The Oparin-Haldane hypothesis, and Miller's experiment were major contributions to the understanding of the material basis of life. However, after the discovery of the genetic code, it became obvious that it is much simpler to synthesise the simple building blocks of life, than to assemble them in units that are capable of evolution. The RNA world has become one of the central paradigms for this early stage of life, but how it emerged remains unexplained. The origin of genetic code is one of the most puzzling questions about the transition from this RNA world to the modern modes of life. The pervasiveness of the genetic code in the tree of life, with its minor deviations, suggests that it must date back to the last universal common ancestor.
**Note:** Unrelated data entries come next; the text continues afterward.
Definition is_rigid : Prop :=
  [/\ (forall A, eqH (runitO A) ** (idm A <x> rdev A) ** eqH (assocO A (rdual A) A)
                   ** (rcoev A <x> idm A) ** eqH (esym (lunitO A)) = idm A),
      (forall A, eqH (lunitO (rdual A)) ** (rdev A <x> idm (rdual A))
                   ** eqH (esym (assocO (rdual A) A (rdual A)))
                   ** (idm (rdual A) <x> rcoev A) ** eqH (esym (runitO (rdual A)))
                 = idm (rdual A)),
      (forall A, eqH (lunitO A) ** (ldev A <x> idm A) ** eqH (esym (assocO A (ldual A) A))
                   ** (idm A <x> lcoev A) ** eqH (esym (runitO A)) = idm A) &
      (forall A, eqH (runitO (ldual A)) ** (idm (ldual A) <x> ldev A)
                   ** eqH (assocO (ldual A) A (ldual A))
                   ** (lcoev A <x> idm (ldual A)) ** eqH (esym (lunitO (ldual A)))
                 = idm (ldual A))].

Definition rdualM A B (f : Mor C A B) : Mor C (rdual B) (rdual A) :=
  eqH (lunitO (rdual A)) ** (rdev B <x> idm (rdual A))
    ** eqH (esym (assocO (rdual B) B (rdual A)))
    ** (idm (rdual B) <x> (f <x> idm (rdual A)))
    ** (idm (rdual B) <x> rcoev A) ** eqH (esym (runitO (rdual B))).

Definition is_twist : Prop :=
  [/\ (forall A B (f : Mor C A B), twist B ** f = f ** twist A),
      (forall A, exists g : Mor C A A, g ** twist A = idm A /\ twist A ** g = idm A),
      (forall A B, twist (A (x) B) = (twist A <x> twist B) ** braid B A ** braid A B) &
      (forall A, twist (rdual A) = rdualM (twist A))].

Definition is_additive_strict_symmetric_ribbon : Prop :=
  [/\ is_additive, is_strict_monoidal, is_symmetric_braiding, is_rigid & is_twist].

(* The sovereign structure sigma_U : U^vee -> ^vee U induced by the ribbon
   structure (Turaev's convention): the mate, w.r.t. the left duality, of
   d_U o c_{U,U^vee} o (theta_U (x) id) : U (x) U^vee -> 1. *)
Definition sovereign A : Mor C (rdual A) (ldual A) :=
  eqH (runitO (ldual A))
    ** (idm (ldual A) <x> (rdev A ** braid A (rdual A) ** (twist A <x> idm (rdual A))))
    ** eqH (assocO (ldual A) A (rdual A))
    ** (lcoev A <x> idm (rdual A)) ** eqH (esym (lunitO (rdual A))).
(** * A recession direction of an unbounded convex set *)

Lemma bounded_seq_cluster (u : nat -> R) : (forall n, Rabs (u n) <= 1) ->
  exists s, forall e N, 0 < e -> exists n, (N <= n)%nat /\ Rabs (u n - s) < e.
Proof.
  intros Hb. destruct (ex_LimSup_seq u) as [l Hl].
  assert (Hb' : forall n, -1 <= u n <= 1) by (intros n; apply Rabs_le_between, Hb).
  destruct l as [s| |]; simpl in Hl.
  - exists s. intros e N He. destruct (Hl (mkposreal e He)) as [Hfreq [N' Hev]]; simpl in *.
    destruct (Hfreq (Nat.max N N')) as [n [Hn Hlt]]. exists n. split; [lia|].
    specialize (Hev n ltac:(lia)). apply Rabs_def1; lra.
  - destruct (Hl 1 O) as [n [_ Hn]]. specialize (Hb' n). lra.
  - destruct (Hl (-1)) as [N HN]. specialize (HN N (le_n N)). specialize (Hb' N). lra.
Qed.

Definition far_in_cone (C : pset) (g : pt) : Prop :=
  forall R0, exists p, C p /\ fst p - fst g >= R0 /\ Rabs (snd p - snd g) <= fst p - fst g.

Lemma far_in_cone_slope C g : far_in_cone C g -> exists s, forall e R0, 0 < e ->
  exists p, C p /\ fst p - fst g >= R0 /\ Rabs ((snd p - snd g) / (fst p - fst g) - s) < e.
Proof.
  intros HF. destruct (choice (fun (n : nat) p => C p /\ fst p - fst g >= INR n /\
    Rabs (snd p - snd g) <= fst p - fst g) (fun n => HF (INR n))) as [p Hp].
  set (u n := (snd (p n) - snd g) / (fst (p n) - fst g)).
  destruct (bounded_seq_cluster u) as [s Hs].
  { intros n. destruct (Hp n) as [_ [_ Hc]]. unfold u.
    destruct (Req_dec (fst (p n) - fst g) 0) as [E|E].
    - rewrite E. unfold Rdiv. rewrite Rinv_0, Rmult_0_r, Rabs_R0. lra.
    - unfold Rdiv. rewrite Rabs_mult, Rabs_inv, (Rabs_right (fst (p n) - fst g))
        by (pose proof (Rabs_pos (snd (p n) - snd g)); lra).
      apply Rmult_le_reg_r with (fst (p n) - fst g);
        [pose proof (Rabs_pos (snd (p n) - snd g)); lra|].
      rewrite Rmult_assoc, Rinv_l, Rmult_1_r, Rmult_1_l; auto. }
  exists s. intros e R0 He.
  destruct (INR_archimed 1 R0 ltac:(lra)) as [N HN]. rewrite Rmult_1_r in HN.
  destruct (Hs e N He) as [n [Hn Hu]]. destruct (Hp n) as [HC [Hfar _]].
  exists (p n). split; [exact HC|]. split; [|exact Hu].
  apply le_INR in Hn. lra.
Qed.

Lemma closed_convex_ray C g s : closed_set C -> convex C -> C g ->
  (forall e R0, 0 < e -> exists p, C p /\ fst p - fst g >= R0 /\
     Rabs ((snd p - snd g) / (fst p - fst g) - s) < e) ->
  forall t, 0 <= t -> C (fst g + t, snd g + t * s).
Proof.
  intros Hc Hv Hg Ha t Ht. apply NNPP; intro Hn.
  destruct (Hc _ Hn) as [e [He Hb]].
  destruct (Ha (e/(t+1)) (t+1)) as [p [Hp [H1 H2]]]; [apply Rdiv_lt_0_compat; lra|].
  set (sg := (snd p - snd g) / (fst p - fst g)) in *.
  apply (Hb (fst g + t, snd g + t * sg)).
  - apply coord_lt_dist2. simpl. replace (fst g + t - (fst g + t)) with 0 by ring. rewrite Rabs_R0.
    replace (snd g + t * sg - (snd g + t * s)) with (t * (sg - s)) by ring.
    rewrite Rabs_mult, (Rabs_right t), Rplus_0_l by lra.
    apply Rle_lt_trans with (t * (e / (t+1))); [apply Rmult_le_compat_l; lra|].
    assert (t * (e/(t+1)) = e - e/(t+1)) by (field; lra).
    assert (0 < e/(t+1)) by (apply Rdiv_lt_0_compat; lra). lra.
  - apply (convex_point C g p _ (t / (fst p - fst g)) Hv Hg Hp).
    + split; [apply Rdiv_le_0_compat; lra|].
      apply Rmult_le_reg_r with (fst p - fst g); [lra|].
      unfold Rdiv; rewrite Rmult_assoc, Rinv_l; lra.
    + unfold sg; f_equal; field; lra.
Qed.

(* Points far out on the ray from [g] pull nearby points of a ray from [c]
   into [C]; closedness finishes the job. *)
Lemma closed_convex_recession C g s : closed_set C -> convex C ->
  (forall t, 0 <= t -> C (fst g + t, snd g + t * s)) ->
  forall c t, C c -> 0 <= t -> C (fst c + t, snd c + t * s).
Proof.
  intros Hc Hv Hr c t Hcc Ht. apply NNPP; intro Hn. destruct (Hc _ Hn) as [e [He Hb]].
  set (N := Rabs (fst g - fst c) + Rabs (snd g - snd c) + 1).
  assert (HN : 1 <= N) by (unfold N; pose proof (Rabs_pos (fst g - fst c)); pose proof (Rabs_pos (snd g - snd c)); lra).
  set (lam := Rmin (1/2) (e / (2*N))).
  assert (Hl0 : 0 < lam) by (unfold lam; apply Rmin_pos; [lra | apply Rdiv_lt_0_compat; lra]).
  assert (Hl1 : lam <= 1/2) by apply Rmin_l.
  assert (Hl2 : lam <= e/(2*N)) by apply Rmin_r.
  apply (Hb ((1-lam) * fst c + lam * (fst g + t/lam), (1-lam) * snd c + lam * (snd g + t/lam * s))).
  - apply coord_lt_dist2. simpl.
    replace ((1 - lam) * fst c + lam * (fst g + t / lam) - (fst c + t)) with (lam * (fst g - fst c)) by (field; lra).
    replace ((1 - lam) * snd c + lam * (snd g + t / lam * s) - (snd c + t * s)) with (lam * (snd g - snd c)) by (field; lra).
    rewrite !Rabs_mult, (Rabs_right lam) by lra.
    assert (lam * (Rabs (fst g - fst c) + Rabs (snd g - snd c)) <= lam * (N - 1))
      by (apply Rmult_le_compat_l; unfold N; lra).
    assert (lam * N <= e / 2).
    { apply Rle_trans with (e/(2*N) * N); [apply Rmult_le_compat_r; lra|right; field; lra]. }
    nra.
  - apply (convex_point C c (fst g + t/lam, snd g + t/lam * s) _ lam Hv Hcc);
      [apply Hr, Rdiv_le_0_compat; lra|lra|reflexivity].
Qed.

Lemma square_in_recession C s x rho t :
  (forall c t, C c -> 0 <= t -> C (fst c + t, snd c + t * s)) ->
  square_in C x rho -> 0 <= t -> square_in C (fst x + t, snd x + t * s) rho.
Proof.
  intros Hr [Hp HC] Ht. split; auto. intros y [H1 H2]. simpl in *.
  replace y with (fst (fst y - t, snd y - t * s) + t, snd (fst y - t, snd y - t * s) + t * s)
    by (destruct y; simpl; f_equal; ring).
  apply Hr; auto. apply HC. unfold in_square; simpl.
  replace (fst y - t - fst x) with (fst y - (fst x + t)) by ring.
  replace (snd y - t * s - snd x) with (snd y - (snd x + t * s)) by ring. auto.
Qed.

(** * Rational recession direction *)

Lemma exists_glb (f : pt -> R) (C : pset) c0 lb : C c0 -> (forall c, C c -> lb <= f c) ->
  exists al, (forall c, C c -> al <= f c) /\ (forall x, al < x -> exists c, C c /\ f c < x).
Proof.
  intros H0 Hlb. set (E := fun y => exists c, C c /\ y = - f c).
  destruct (completeness E) as [m [Hmu Hml]].
  { exists (-lb). intros y [c [Hc ->]]. pose proof (Hlb c Hc). lra. }
  { exists (- f c0), c0. auto. }
  exists (-m). split.
  - intros c Hc. assert (- f c <= m) by (apply Hmu; exists c; auto). lra.
  - intros x Hx. apply NNPP; intro Hn. assert (m <= -x); [|lra].
    apply Hml. intros y [c [Hc ->]].
    destruct (Rlt_dec (f c) x); [exfalso; apply Hn; exists c; auto|lra].
Qed.

Lemma no_straddle_range A (f : pt -> R) (C : pset) c0 : C c0 ->
  (forall c1 c2 k, in_A A k -> C c1 -> C c2 -> f c1 < k -> k + 1 < f c2 -> False) ->
  exists k, in_A A k /\ forall c, C c -> strip_lo A <= f c - k <= 1.
Proof.
  intros H0 Hno. destruct A.
  - assert (Hlb : forall c, C c -> f c0 - 2 <= f c).
    { intros c Hc. apply NNPP; intro Hn. pose proof (archimed (f c)).
      apply (Hno c c0 (IZR (up (f c)))); [exists (up (f c)); reflexivity|auto|auto|lra|lra]. }
    destruct (exists_glb f C c0 _ H0 Hlb) as [al [Hal1 Hal2]].
    pose proof (archimed al) as [Hk1 Hk2].
    exists (IZR (up al)). split; [exists (up al); reflexivity|]. intros c Hc. simpl.
    pose proof (Hal1 c Hc). split; [lra|]. apply NNPP; intro Hn.
    destruct (Hal2 (IZR (up al))) as [c1 [Hc1 Hlt]]; [lra|].
    apply (Hno c1 c (IZR (up al))); [exists (up al); reflexivity|auto|auto|lra|lra].
  - assert (Hlb : forall c, C c -> f c0 - 1 <= f c).
    { intros c Hc. apply NNPP; intro Hn.
      apply (Hno c c0 ((f c + f c0 - 1)/2)); [exact I|auto|auto|lra|lra]. }
    destruct (exists_glb f C c0 _ H0 Hlb) as [al [Hal1 Hal2]].
    exists al. split; [exact I|]. intros c Hc. simpl.
    pose proof (Hal1 c Hc). split; [lra|]. apply NNPP; intro Hn.
    destruct (Hal2 (f c - 1)) as [c1 [Hc1 Hlt]]; [lra|].
    apply (Hno c1 c ((f c1 + f c - 1)/2)); [exact I|auto|auto|lra|lra].
Qed.
(* Each of the following eight sets of four generalized Bell states in $\mathbb{C}^4\otimes\mathbb{C}^4$ is perfectly distinguishable by one-way LOCC using only projective measurements: $\{\ket{\psi_{00}}\}\cup T$ with $T$ one of $\{\ket{\psi_{01}},\ket{\psi_{02}},\ket{\psi_{12}}\}$, $\{\ket{\psi_{01}},\ket{\psi_{02}},\ket{\psi_{30}}\}$, $\{\ket{\psi_{01}},\ket{\psi_{11}},\ket{\psi_{21}}\}$, $\{\ket{\psi_{01}},\ket{\psi_{12}},\ket{\psi_{20}}\}$, $\{\ket{\psi_{01}},\ket{\psi_{20}},\ket{\psi_{30}}\}$, $\{\ket{\psi_{01}},\ket{\psi_{21}},\ket{\psi_{33}}\}$, $\{\ket{\psi_{02}},\ket{\psi_{10}},\ket{\psi_{21}}\}$, $\{\ket{\psi_{02}},\ket{\psi_{21}},\ket{\psi_{32}}\}$.
   Context: Generalized Bell states in $\mathbb{C}^4\otimes\mathbb{C}^4$ (Alice holds the first factor, Bob the second): $\ket{\psi_{nm}}=\frac12\sum_{j=0}^{3}e^{2\pi i jn/4}\ket{j}_A\ket{j\oplus_4 m}_B$ for $n,m\in\{0,1,2,3\}$, where $j\oplus_4 m=(j+m)\bmod 4$. Perfect distinguishability by one-way LOCC using only projective measurements means: one party performs a projective measurement on her subsystem, communicates the outcome classically, and the other party then performs a projective measurement (depending on that outcome) whose result identifies with certainty which state of the set was shared. *)

(* Complex scalars: an arbitrary numClosedFieldType C
   (algebraically closed field with conjugation and order, e.g. algC). *)
From HB Require Import structures.
From mathcomp Require Import all_boot all_order all_algebra.
Set Implicit Arguments. Unset Strict Implicit. Unset Printing Implicit Defensive.
Import Order.TTheory GRing.Theory Num.Theory.
Local Open Scope ring_scope.

Section Defs.
Variable C : numClosedFieldType.

Definition adj_mx (d : nat) (A : 'M[C]_d) : 'M[C]_d := (map_mx Num.conj A)^T.

Definition projective_measurement (d m : nat) (P : 'I_m -> 'M[C]_d) : Prop :=
  [/\ forall k, adj_mx (P k) = P k,
      forall k, P k *m P k = P k,
      forall k l, k != l -> P k *m P l = 0
    & \sum_(k < m) P k = 1%:M].

(* A bipartite vector in C^d (x) C^d: psi a b is the coefficient of |a>_A|b>_B. *)
Definition tens_act (d : nat) (A B : 'M[C]_d) (psi : 'M[C]_d) : 'M[C]_d :=
  \matrix_(a, b) \sum_(a' < d) \sum_(b' < d) A a a' * B b b' * psi a' b'.

Definition outcome_prob (d : nat) (A B psi : 'M[C]_d) : C :=
  \sum_(a < d) \sum_(b < d) Num.conj (psi a b) * tens_act A B psi a b.

(* One-way LOCC with projective measurements, Alice first: Alice measures
   P (outcomes 'I_m), tells k to Bob, Bob measures Q k (outcomes 'I_n);
   the guess g k l identifies the state with certainty. *)
Definition oneway_alice_first (d r : nat) (psi : 'I_r -> 'M[C]_d) : Prop :=
  exists (m n : nat) (P : 'I_m -> 'M[C]_d) (Q : 'I_m -> 'I_n -> 'M[C]_d)
         (g : 'I_m -> 'I_n -> 'I_r),
    [/\ projective_measurement P,
        forall k, projective_measurement (Q k)
      & forall s k l, outcome_prob (P k) (Q k l) (psi s) != 0 -> g k l = s].

Definition oneway_bob_first (d r : nat) (psi : 'I_r -> 'M[C]_d) : Prop :=
  exists (m n : nat) (Q : 'I_m -> 'M[C]_d) (P : 'I_m -> 'I_n -> 'M[C]_d)
         (g : 'I_m -> 'I_n -> 'I_r),
    [/\ projective_measurement Q,
        forall l, projective_measurement (P l)
      & forall s l k, outcome_prob (P l k) (Q l) (psi s) != 0 -> g l k = s].

Definition oneway_LOCC_proj_distinguishable (d r : nat) (psi : 'I_r -> 'M[C]_d)
  : Prop := oneway_alice_first psi \/ oneway_bob_first psi.

(* generalized Bell state psi_{nm} in C^4 (x) C^4:
   (1/2) sum_j e^{2 pi i j n/4} |j>|j+m mod 4>,  e^{2 pi i jn/4} = 'i^(jn). *)
Definition bell (nm : nat * nat) : 'M[C]_4 :=
  \matrix_(a, b) (if (b : nat) == ((a + nm.2) %% 4)%N
                  then 2^-1 * 'i ^+ (a * nm.1) else 0).

Definition bell_family (s : seq (nat * nat)) : 'I_(size s) -> 'M[C]_4 :=
  fun i => bell (nth (0%N, 0%N) s i).

End Defs.

Definition theorem5_sets : seq (seq (nat * nat)) :=
  [:: [:: (0,1); (0,2); (1,2)];
      [:: (0,1); (0,2); (3,0)];
      [:: (0,1); (1,1); (2,1)];
      [:: (0,1); (1,2); (2,0)];
      [:: (0,1); (2,0); (3,0)];
      [:: (0,1); (2,1); (3,3)];
      [:: (0,2); (1,0); (2,1)];
      [:: (0,2); (2,1); (3,2)]]%N.

From HB Require Import structures.
From mathcomp Require Import all_boot all_order all_algebra.
From mathcomp Require Import zify ring.
Import Order.TTheory GRing.Theory Num.Theory.
Set Implicit Arguments. Unset Strict Implicit. Unset Printing Implicit Defensive.
Local Open Scope ring_scope.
The hypothesis presented in this article complements the current understanding stating that the amino acids and proto-adapters were added to the code in pairs [6, 44, 45]. Stickland pairing is an appealing candidate mechanism because (a) it imposes constraints to the amino acids to be assigned to newly evolved proto-adapter pairs, and (b) it favours redundancy by assigning good electron donors or acceptors to proto-adapters in a way that allows it to react with several amino acids with complementary Stickland role. The evidence that supports or that is in favour of the hypothesis can be summarised in the following points:

  • Bacteria of the genus Clostridium employ pairs of amino acids as energy sources.

  • The energetic yield of amino acid fermentation is comparable to that of carbohydrate fermentation [36].

  • In the abiotic syntheses of amino acids, Stickland pairs are readily produced.

  • The composition of the ribosomal proteins of early organisms is biased towards the use of the simpler amino acids, specially alanine, asparagine, and glycine [51].

  • The code within the codon suggests the ancient origin of the four basic amino acids alanine, aspartic acid, glycine and valine [61].

  • Amino acids that are favoured in the stereochemical theory [5] are underrepresented in the deep ancestral branches [51], implying the coding might have been established earlier by other means.

  • Several anticodons that are complementary are assigned to amino acids that are conjugated Stickland pairs, which include the simpler Miller amino acids (Figures 6 and 7).

  • A significant correlation exists between the number of complementary anticodons of an amino acid and the free energy of the Stickland reaction (Figure 8).

  • The melting temperature of the 11-nucleotides proto-adapter is compatible with the conditions at which amino acid degradation is thermodynamically favourable (30 - 50°C) [59, 60].

  • By increasing the number of amino acids used as substrate, the numbers of possible reactions is increased in a combinatorial manner.

  • The multiple complementarity of the proto-adapters (by considering U-G pairs) increases the synonymy of the reactions.

  • The inclusion of more amino acids to a proto-code can increases the ATP yield, especially if refined by selection (Figures 9 and 10).

As mentioned above, we need to invoke a specific evolutionary model in order to account for plausible evolutionary histories. This in itself is an independent research subject; for example, we might make different assumptions about the modes of selection: did it act in a directional way, or was it stabilising? What kinds of costs could have been involved in the inclusion of new amino acids to the early metabolism? To what extent were the codes heritable? What is the distribution of mutation effects on the adapters? Questions such as these are relevant in determining the details of the associations. Fortunately, these are accessible by combining RNA models with state of the art of evolutionary genetics theory.

But even sparing from these details, the theory proposed here helps us to understand the early steps in the establishment of the code. It explains stages prior to the CCH in terms of bioenergetic advantages to a hypothetical protobiont living prior to proteins being implemented for enzymatic and structural roles. Although we can not know with certainty what actually happened, the ideas exposed in this article give a testable coherent picture about some factors that could have moulded the genetic code.